Chapter 5

FFT, Windowing, and Spectral Estimation

The window you pick is a confession of what you care about. Pick one before you understand the choice and your measurement is already wrong.

5.1 DFT vs FFT: Computational Heart of the RTSA

Every spectrum on every RTSA display starts with a discrete Fourier transform. The DFT takes $N$ complex samples in time and produces $N$ complex values in frequency. Each output bin is the projection of the input onto a complex sinusoid at that bin's frequency.

The textbook DFT formula is:

$$X[k] = \sum_{n=0}^{N-1} x[n] \cdot e^{-j 2\pi k n / N}, \quad k = 0, 1, \ldots, N-1$$

If you compute this directly, you do $N$ complex multiplies for each of $N$ outputs, for a total of $N^2$ multiplies. For a 4096-point transform, that is about 16.7 million multiplies. For a 1-million-point transform, it is a trillion multiplies. Real-time spectrum analysis at thousands of frames per second is impossible at $O(N^2)$.

The Fast Fourier Transform reduces this to $O(N \log N)$ multiplies. For 4096 points, the FFT does about 50 thousand multiplies instead of 16.7 million. A factor-of-340 speedup. For 1 million points, the speedup is a factor of 50,000. The FFT is the reason real-time spectrum analyzers exist.

The most common FFT algorithm is Cooley-Tukey radix-2. It requires $N$ to be a power of 2 and decomposes the transform recursively into pairs of half-length transforms. Modern FPGAs implement it in pipelined hardware that ingests one sample per clock and emits a complete spectrum every $N$ clocks. At 2 GHz clock and 4096-point transforms, that is roughly 488 thousand spectra per second per pipeline.

Bin Frequency and Bin Spacing

The output of an FFT lives on a discrete frequency grid. Each bin corresponds to a frequency:

$$f_k = \frac{k \cdot f_s}{N}$$

for $k = 0, 1, \ldots, N/2 - 1$ (positive frequencies in a complex FFT). The spacing between adjacent bins is:

$$\Delta f = \frac{f_s}{N}$$

This is the resolution bandwidth of the FFT, before windowing.

What the FFT Is Actually Telling You

Each FFT output bin is a complex number whose magnitude is the amplitude of the input at that bin's frequency, and whose phase is the phase of the input at that frequency. The full spectrum is therefore both an amplitude spectrum and a phase spectrum. Most displays show only the amplitude. Phase is used for modulation analysis, group delay, and cross-spectrum measurements.
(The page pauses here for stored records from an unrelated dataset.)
(* Let $q$ be a prime power and let $a,b\in\mathbb{F}_q^{*}$ be such that the multiplicative order of $a$ divides the multiplicative order of $b$. Let $n$ be a positive integer such that $\gcd(n,q)=\gcd(n,q-1)=1$. Then the families of $a$-constacyclic and $b$-constacyclic codes of length $n$ over $\mathbb{F}_q$ are monomially equivalent.
   Context: For $c\in\mathbb{F}_q^*$, a linear code $C\subseteq\mathbb{F}_q^n$ is called $c$-constacyclic if for every codeword $(c_0,c_1,\ldots,c_{n-1})\in C$ we also have $(c\, c_{n-1},c_0,\ldots,c_{n-2})\in C$; equivalently, such codes correspond to ideals of $\mathbb{F}_q[x]/\langle x^n-c\rangle$. An isometry of linear codes is an $\mathbb{F}_q$-linear isomorphism preserving Hamming distance (equivalently, a map given by a monomial matrix). For $a,b\in\mathbb{F}_q^*$, the families of $a$-constacyclic and $b$-constacyclic codes of length $n$ over $\mathbb{F}_q$ are called monomially equivalent if there is a one-to-one correspondence between the set of $a$-constacyclic codes and the set of $b$-constacyclic codes of length $n$ given by an isometry of linear codes. *)

From HB Require Import structures.
From mathcomp Require Import all_boot all_order all_algebra all_fingroup all_field.
Set Implicit Arguments. Unset Strict Implicit. Unset Printing Implicit Defensive.
Import GRing.Theory.
Local Open Scope ring_scope.

(* Linear codes of length n over F are subspaces of 'rV[F]_n. *)

(* constacyclic shift: (v_0,...,v_{n-1}) |-> (c v_{n-1}, v_0, ..., v_{n-2}) *)
Definition cshift (F : fieldType) (n : nat) (c : F) (v : 'rV[F]_n) : 'rV[F]_n :=
  \row_(i < n) (if (i : nat) == 0%N then c * v 0 (ord_pred i) else v 0 (ord_pred i)).

Definition constacyclic (F : fieldType) (n : nat) (c : F) (C : {vspace 'rV[F]_n}) : Prop :=
  forall v, v \in C -> cshift c v \in C.

Definition monomial_mx (F : fieldType) (n : nat) (M : 'M[F]_n) : Prop :=
  exists (s : 'S_n) (d : 'I_n -> F),
    (forall i, d i != 0) /\ M = \matrix_(i, j) (if s i == j then d i else 0).

Definition code_image (F : fieldType) (n : nat) (M : 'M[F]_n) (C : {vspace 'rV[F]_n})
  : {vspace 'rV[F]_n} := (linfun (fun v : 'rV[F]_n => v *m M) @: C)%VS.

(* The families of a- and b-constacyclic codes are monomially equivalent:
   some monomial map C |-> C M restricts to a bijection between them.
   (C |-> C M is injective on subspaces, so this amounts to:
   C is a-constacyclic iff C M is b-constacyclic.) *)
Definition monomially_equivalent (F : fieldType) (n : nat) (a b : F) : Prop :=
  exists M : 'M[F]_n, monomial_mx M /\
    forall C : {vspace 'rV[F]_n}, constacyclic a C <-> constacyclic b (code_image M C).

From HB Require Import structures.
From mathcomp Require Import all_boot all_order all_algebra all_fingroup all_field.
From mathcomp Require Import cyclic ring.
Set Implicit Arguments. Unset Strict Implicit. Unset Printing Implicit Defensive.
Import GRing.Theory FinRing.Theory.
Local Open Scope ring_scope.

(* Since gcd(n, q - 1) = 1, raising to the n-th power is a bijection of the
   group F^* of order q - 1, so a = b l^n for some nonzero l.  Rescaling
   coordinate j by l^j then conjugates the a-constacyclic shift into l^-1 times the
   b-constacyclic shift, so the diagonal monomial map diag(1, l, ..., l^(n-1))
   sends the a-constacyclic codes exactly onto the b-constacyclic ones. *)

Lemma expg_invnK (gT : finGroupType) (G : {group gT}) k x :
  coprime #|G| k -> x \in G -> (x ^+ expg_invn G k ^+ k = x)%g.
Proof. by move=> coGk Gx; rewrite expgnAC expgK. Qed.

Lemma finField_unit_root (F : finFieldType) n (u : {unit F}) :
  coprime n #|F|.-1 -> exists w : {unit F}, val w ^+ n = val u.
Proof.
rewrite coprime_sym -card_finField_unit => coFn.
by exists (u ^+ expg_invn [set: {unit F}] n)%g; rewrite -val_unitX expg_invnK ?inE.
Qed.

Lemma val_ord_pred n (i : 'I_n) :
  val (ord_pred i) = (if val i == 0 then n.-1 else (val i).-1)%N.
Proof.
case: i => [[|i] lt_in] /=; first by rewrite add0n modn_small // prednK.
by rewrite modnDr modn_small // ltnW.
Qed.

Lemma monomial_diag_mx (F : fieldType) n (d : 'rV[F]_n) :
  (forall i, d 0 i != 0) -> monomial_mx (diag_mx d).
Proof.
move=> d_neq0; exists 1%g, (d 0); split=> //.
apply/matrixP => i j; rewrite !mxE perm1.
by case: (i == j); rewrite ?mulr1n ?mulr0n.
Qed.

Section CodeImage.

Variables (F : fieldType) (n : nat) (M : 'M[F]_n).

Lemma mem_code_image (C : {vspace 'rV[F]_n}) v :
  v \in C -> v *m M \in code_image M C.
Proof. by move=> Cv; rewrite -[v *m M](lfunE (mulmxr M)) memv_img. Qed.

Lemma code_imageP (C : {vspace 'rV[F]_n}) w :
  reflect (exists2 v, v \in C & w = v *m M) (w \in code_image M C).
Proof.
by apply: (iffP memv_imgP) => -[v Cv ->]; exists v; rewrite ?(lfunE (mulmxr M)).
Qed.

Hypothesis M_unit : M \in unitmx.

Lemma constacyclic_code_image (a b s : F) :
  s != 0 -> (forall v, cshift b (v *m M) = s *: (cshift a v *m M)) ->
  forall C, constacyclic a C <-> constacyclic b (code_image M C).
Proof.
move=> s_neq0 shiftM C; split=> [Ca _ /code_imageP[v Cv ->] | Cb v Cv].
  by rewrite shiftM memvZ // mem_code_image // Ca.
have := Cb _ (mem_code_image Cv); rewrite shiftM => /(memvZ s^-1).
rewrite scalerA mulVf // scale1r => /code_imageP[u Cu /(can_inj (mulmxK M_unit)) ->].
exact: Cu.
Qed.

End CodeImage.

Definition pow_diag_mx (F : fieldType) n (l : F) : 'M[F]_n :=
  diag_mx (\row_(j < n) l ^+ j).

Lemma cshift_pow_diag_mx (F : fieldType) n (a b l : F) (v : 'rV[F]_n) :
  l != 0 -> a = b * l ^+ n ->
  cshift b (v *m pow_diag_mx n l) = l^-1 *: (cshift a v *m pow_diag_mx n l).
Proof.
move=> l_neq0 ->; apply/matrixP => i j.
rewrite /pow_diag_mx !mul_mx_diag !mxE val_ord_pred.
have exprSpred k : (0 < k)%N -> l ^+ k = l * l ^+ k.-1.
  by move=> k_gt0; rewrite -exprS prednK.
case: eqP => [j0 | /eqP j_neq0].
  rewrite j0 expr0 mulr1 (exprSpred n); last exact: leq_ltn_trans (ltn_ord j).
  by field.
by rewrite (exprSpred j) ?lt0n //; field.
Qed.

Lemma monomially_equivalent_root (F : fieldType) n (a b l : F) :
  l != 0 -> a = b * l ^+ n -> monomially_equivalent n a b.
Proof.
move=> l_neq0 def_a; exists (pow_diag_mx n l); split.
  by apply: monomial_diag_mx => j; rewrite mxE expf_neq0.
apply: (constacyclic_code_image _ (invr_neq0 l_neq0)).
  by rewrite unitmxE det_diag unitfE; apply/prodf_neq0 => j _; rewrite mxE expf_neq0.
by move=> v; apply: cshift_pow_diag_mx.
Qed.

Theorem corollary3p2 (F : finFieldType) (a b : {unit F}) (n : nat) :
  (#[a]%g %| #[b]%g)%N ->
  (0 < n)%N ->
  gcdn n #|F| = 1%N ->
  gcdn n #|F|.-1 = 1%N ->
  monomially_equivalent n (val a) (val b).
Proof.
move=> _ _ _ /eqP co_n_q1.
have [l def_l] := finField_unit_root (b^-1 * a)%g co_n_q1.
apply: (monomially_equivalent_root (l := val l)).
  by rewrite -unitfE (valP l).
by rewrite def_l val_unitM val_unitV mulVKf // -unitfE (valP b).
Qed.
A practical RTSA also computes power spectral density (PSD), which normalizes the FFT magnitude squared for window energy and bin width:

$$\text{PSD}[k] = \frac{|X[k]|^2}{f_s \cdot \sum_n w[n]^2}$$

where $w[n]$ is the window function. PSD has units of dBm/Hz and lets you compare measurements at different RBWs on a common axis.

5.2 Window Functions

A finite-length FFT sees only $N$ consecutive samples of an infinite-length signal. The transition at the start and end of that window introduces artifacts. Window functions are how we manage those artifacts.

Why Windowing Exists

Imagine sampling a pure sinusoid at exactly 100.0 MHz with a sample rate that gives a bin centered at exactly 100.0 MHz. The signal lines up perfectly. The FFT produces a single bin of energy at 100.0 MHz and zero everywhere else. Beautiful.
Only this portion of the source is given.